论文标题
De Bruijn图上的近似模式匹配的复杂性
The Complexity of Approximate Pattern Matching on De Bruijn Graphs
论文作者
论文摘要
将序列与标记图中的步行保持一致是对计算生物学的基本重要性的问题。为了在任意图中找到$ | e | $边缘的散步,它与长度$ m $的模式完全匹配,基于强级指数时间假设(SETH)的下限意味着算法的速度明显快于$ o(| e | m)$ time的时间不太可能[equi et equi et al。,icalp 2019]。但是,对于许多特殊图,例如de bruijn图,可以在线性时间中解决该问题[Bowe等,Wabi 2012]。对于近似匹配,图片更为复杂。当仅允许将编辑(替换,插入和删除)到图案中,或者图形为无环时,问题再次可在$ o(| e | m)$时间中解决。当允许编辑任意循环图时,即使在二进制字母上,问题也将成为NP完整的[Jain等人,Recomb 2019]。即使仅限于替换,这些结果也会成立。 De Bruijn图上近似模式匹配的复杂性保持开放。我们研究了这个问题,并表明使De Bruijn图的属性适合于有效的精确模式匹配也不会扩展到近似匹配,即使仅限于仅具有字母大小四的替代情况。我们证明,当允许替换为图表时,确定在de bruijn图中的匹配步行的存在是NP的。此外,我们证明,在仅允许替换为模式的情况下,对于de bruijn图,对于de bruijn图的算法显着快。这与模式到文本的匹配形成鲜明对比,在线性时间可以解决确切的匹配时间,例如在de bruijn图上,但是在替换下的近似匹配可以在子级别的$ o(n \ sqrt {m})$ o(n \ sqrt {m})$ time中求解,而$ n $ n $ n $是文本的长度[abrahamson,abrahamson,siam siam siam siam siam J.计算1987]。
Aligning a sequence to a walk in a labeled graph is a problem of fundamental importance to Computational Biology. For finding a walk in an arbitrary graph with $|E|$ edges that exactly matches a pattern of length $m$, a lower bound based on the Strong Exponential Time Hypothesis (SETH) implies an algorithm significantly faster than $O(|E|m)$ time is unlikely [Equi et al., ICALP 2019]. However, for many special graphs, such as de Bruijn graphs, the problem can be solved in linear time [Bowe et al., WABI 2012]. For approximate matching, the picture is more complex. When edits (substitutions, insertions, and deletions) are only allowed to the pattern, or when the graph is acyclic, the problem is again solvable in $O(|E|m)$ time. When edits are allowed to arbitrary cyclic graphs, the problem becomes NP-complete, even on binary alphabets [Jain et al., RECOMB 2019]. These results hold even when edits are restricted to only substitutions. The complexity of approximate pattern matching on de Bruijn graphs remained open. We investigate this problem and show that the properties that make de Bruijn graphs amenable to efficient exact pattern matching do not extend to approximate matching, even when restricted to the substitutions only case with alphabet size four.

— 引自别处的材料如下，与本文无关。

(* Let $n\ge 1$ and let $P\in\mathbb{R}^{n\times n}$ satisfy $\|P\|<1$. Let $w\in\mathbb{R}^n$ be a global maximizer of $$L(w)=\langle w,Pw\rangle-\sum_{i=1}^n\log\Big(\sum_{j=1}^n\exp(w_iw_j)\Big)$$ over $\mathbb{R}^n$. Then $$\|w\|^2\le\frac{n\log n}{1-\|P\|}.$$
   Context: $\|w\|$ denotes the Euclidean norm of $w$, $\langle\cdot,\cdot\rangle$ the standard inner product, and $\|P\|$ the operator norm of $P$ induced by the Euclidean norm. *)

From HB Require Import structures.
From mathcomp Require Import all_boot all_order all_algebra.
From mathcomp Require Import all_classical all_reals all_analysis.
Set Implicit Arguments. Unset Strict Implicit. Unset Printing Implicit Defensive.
Import Order.TTheory GRing.Theory Num.Theory.
Local Open Scope ring_scope.
Local Open Scope classical_set_scope.

Definition eucl_norm (R : realType) (n : nat) (x : 'cV[R]_n) : R :=
  Num.sqrt (\sum_(i < n) x i 0 ^+ 2).

Definition inner (R : realType) (n : nat) (x y : 'cV[R]_n) : R :=
  \sum_(i < n) x i 0 * y i 0.

Definition op_norm (R : realType) (n : nat) (P : 'M[R]_n) : R :=
  sup [set eucl_norm (P *m x) | x in [set x : 'cV[R]_n | eucl_norm x = 1]].

Definition Lobj (R : realType) (n : nat) (P : 'M[R]_n) (w : 'cV[R]_n) : R :=
  inner w (P *m w) - \sum_(i < n) ln (\sum_(j < n) expR (w i 0 * w j 0)).

From HB Require Import structures.
From mathcomp Require Import all_boot all_order all_algebra.
From mathcomp Require Import all_classical all_reals all_analysis.
From mathcomp Require Import ring lra.
Set Implicit Arguments. Unset Strict Implicit. Unset Printing Implicit Defensive.
Import Order.TTheory GRing.Theory Num.Theory.
Local Open Scope ring_scope.

(* Compare a maximizer w with the point 0, where L(0) = -n log n.  Each
   log-sum-exp term is at least its diagonal exponent w_i^2, and by
   Cauchy-Schwarz <w, P w> <= |P| |w|^2, so L(w) <= (|P| - 1) |w|^2.
   Hence -n log n <= (|P| - 1) |w|^2, and |P| < 1 lets us divide. *)

Lemma sumr_mul_sqr_le (R : realFieldType) (I : finType) (a b : I -> R) :
  (\sum_i a i * b i) ^+ 2 <= (\sum_i a i ^+ 2) * (\sum_i b i ^+ 2).
Proof.
have prod_sum (F G : I -> R) :
    (\sum_i F i) * (\sum_j G j) = \sum_i \sum_j F i * G j.
  by rewrite mulr_suml; apply: eq_bigr => i _; rewrite mulr_sumr.
set D := (\sum_i \sum_j (a i ^+ 2 * b j ^+ 2 - a i * b i * (a j * b j))).
have defect : (\sum_i a i ^+ 2) * (\sum_i b i ^+ 2) - (\sum_i a i * b i) ^+ 2 = D.
  rewrite expr2 !prod_sum -sumrB; apply: eq_bigr => i _; by rewrite sumrB.
(* Lagrange's identity: the defect is half a sum of squares. *)
have lagrange : \sum_i \sum_j (a i * b j - a j * b i) ^+ 2 = 2 * D.
  rewrite mulr_natl mulr2n {2}/D [X in _ = _ + X]exchange_big /= -big_split.
  apply: eq_bigr => i _.
  by rewrite -big_split; apply: eq_bigr => j _ /=; ring.
have : 0 <= \sum_i \sum_j (a i * b j - a j * b i) ^+ 2.
  by apply: sumr_ge0 => i _; apply: sumr_ge0 => j _; exact: sqr_ge0.
rewrite lagrange -defect; lra.
Qed.

Lemma sumr_mul_le_sqrt (R : rcfType) (I : finType) (a b : I -> R) :
  \sum_i a i * b i <= Num.sqrt (\sum_i a i ^+ 2) * Num.sqrt (\sum_i b i ^+ 2).
Proof.
have sqr_sum_ge0 (F : I -> R) : 0 <= \sum_i F i ^+ 2.
  by apply: sumr_ge0 => i _; exact: sqr_ge0.
rewrite -sqrtrM // (le_trans (ler_norm _)) // -sqrtr_sqr ler_sqrt.
  exact: sumr_mul_sqr_le.
exact: mulr_ge0.
Qed.

Section EuclideanNorm.
Variables (R : realType) (n : nat).
Implicit Types (x y : 'cV[R]_n).

Lemma eucl_norm_ge0 x : 0 <= eucl_norm x.
Proof. exact: sqrtr_ge0. Qed.

Lemma sqr_eucl_norm x : eucl_norm x ^+ 2 = \sum_i x i 0 ^+ 2.
Proof. by rewrite sqr_sqrtr //; apply: sumr_ge0 => i _; exact: sqr_ge0. Qed.

Lemma eucl_normZ (c : R) x : eucl_norm (c *: x) = `|c| * eucl_norm x.
Proof.
rewrite /eucl_norm -sqrtr_sqr -sqrtrM ?sqr_ge0 // mulr_sumr.
by congr Num.sqrt; apply: eq_bigr => i _; rewrite mxE exprMn.
Qed.

Lemma eucl_norm_eq0 x : eucl_norm x = 0 -> x = 0.
Proof.
move=> /eqP; rewrite sqrtr_eq0 => sum_le0.
have sum_eq0 : \sum_i x i 0 ^+ 2 = 0.
  by apply/eqP; rewrite eq_le sum_le0 sumr_ge0 // => i _; exact: sqr_ge0.
apply/matrixP => i j; rewrite (ord1 j) mxE; apply/eqP; rewrite -sqrf_eq0.
by rewrite (psumr_eq0P (fun i _ => sqr_ge0 (x i 0)) sum_eq0).
Qed.

Lemma inner_le_eucl_norm x y : inner x y <= eucl_norm x * eucl_norm y.
Proof. exact: sumr_mul_le_sqrt. Qed.

End EuclideanNorm.

Section OperatorNorm.
Variables (R : realType) (n : nat) (P : 'M[R]_n).

Lemma op_norm_has_ubound :
  has_ubound [set eucl_norm (P *m x) | x in [set x : 'cV[R]_n | eucl_norm x = 1]].
Proof.
exists (Num.sqrt (\sum_i \sum_j P i j ^+ 2)) => _ [x /= x_unit <-].
rewrite /eucl_norm ler_sqrt; last first.
  by apply: sumr_ge0 => i _; apply: sumr_ge0 => j _; exact: sqr_ge0.
have sum_x : \sum_j x j 0 ^+ 2 = 1 by rewrite -sqr_eucl_norm x_unit expr1n.
apply: ler_sum => i _; rewrite mxE.
by have := sumr_mul_sqr_le (fun j => P i j) (fun j => x j 0); rewrite sum_x mulr1.
Qed.

Lemma eucl_norm_mulmx_le (x : 'cV[R]_n) :
  eucl_norm (P *m x) <= op_norm P * eucl_norm x.
Proof.
have [x_norm0|x_norm_neq0] := eqVneq (eucl_norm x) 0.
  have x0 := eucl_norm_eq0 x_norm0.
  by rewrite x_norm0 mulr0 x0 mulmx0 -x0 x_norm0.
have x_norm_gt0 : 0 < eucl_norm x by rewrite lt_def x_norm_neq0 eucl_norm_ge0.
set u := (eucl_norm x)^-1 *: x.
have u_unit : eucl_norm u = 1.
  by rewrite eucl_normZ ger0_norm ?invr_ge0 ?eucl_norm_ge0 // mulVf.
have := ub_le_sup op_norm_has_ubound (ex_intro2 _ _ u u_unit erefl).
rewrite -scalemxAr eucl_normZ ger0_norm ?invr_ge0 ?eucl_norm_ge0 //.
by rewrite -ler_pdivrMr // mulrC.
Qed.

Lemma inner_mulmx_le (x : 'cV[R]_n) :
  inner x (P *m x) <= op_norm P * eucl_norm x ^+ 2.
Proof.
apply: (le_trans (inner_le_eucl_norm x (P *m x))).
rewrite expr2 mulrA [_ * eucl_norm x]mulrC.
by rewrite ler_wpM2l ?eucl_norm_ge0 ?eucl_norm_mulmx_le.
Qed.

End OperatorNorm.

Lemma le_ln_sumr_expR (R : realType) (I : finType) (a : I -> R) (i : I) :
  a i <= ln (\sum_j expR (a j)).
Proof.
rewrite -[leLHS]expRK (bigD1 i) //= ler_ln ?posrE ?lerDl ?ltr_pwDl ?expR_gt0 //.
all: by apply: sumr_ge0 => j _; exact/ltW/expR_gt0.
Qed.

Section Objective.
Variables (R : realType) (n : nat) (P : 'M[R]_n).

Lemma Lobj_le (w : 'cV[R]_n) : Lobj P w <= (op_norm P - 1) * eucl_norm w ^+ 2.
Proof.
rewrite mulrBl mul1r; apply: lerB; first exact: inner_mulmx_le.
rewrite sqr_eucl_norm; apply: ler_sum => i _.
by rewrite expr2; exact: (le_ln_sumr_expR (fun j => w i 0 * w j 0)).
Qed.

Lemma Lobj0 : Lobj P 0 = - (n%:R * ln (n%:R : R)).
Proof.
rewrite /Lobj /inner big1 ?sub0r => [|i _]; last by rewrite mxE mul0r.
rewrite (eq_bigr (fun _ => ln n%:R)) ?sumr_const ?card_ord ?mulr_natl // => i _.
by rewrite (eq_bigr (fun _ => 1)) ?sumr_const ?card_ord // => j _; rewrite mxE mul0r expR0.
Qed.

End Objective.

Theorem theorem3p2 (R : realType) (n : nat) (P : 'M[R]_n) (w : 'cV[R]_n) :
  (1 <= n)%N ->
  op_norm P < 1 ->
  (forall v : 'cV[R]_n, Lobj P v <= Lobj P w) ->
  eucl_norm w ^+ 2 <= (n%:R * ln (n%:R : R)) / (1 - op_norm P).
Proof.
move=> _ normP_lt1 w_max.
have := le_trans (w_max 0) (Lobj_le P w).
by rewrite Lobj0 -opprB mulNr lerN2 mulrC -ler_pdivlMr ?subr_gt0.
Qed.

We prove that determining the existence of a matching walk in a de Bruijn graph is NP-complete when substitutions are allowed to the graph. In addition, we demonstrate that an algorithm significantly faster than $O(|E|m)$ is unlikely for de Bruijn graphs in the case where only substitutions are allowed to the pattern. This stands in contrast to pattern-to-text matching where exact matching is solvable in linear time, like on de Bruijn graphs, but approximate matching under substitutions is solvable in subquadratic $O(n\sqrt{m})$ time, where $n$ is the text's length [Abrahamson, SIAM J. Computing 1987].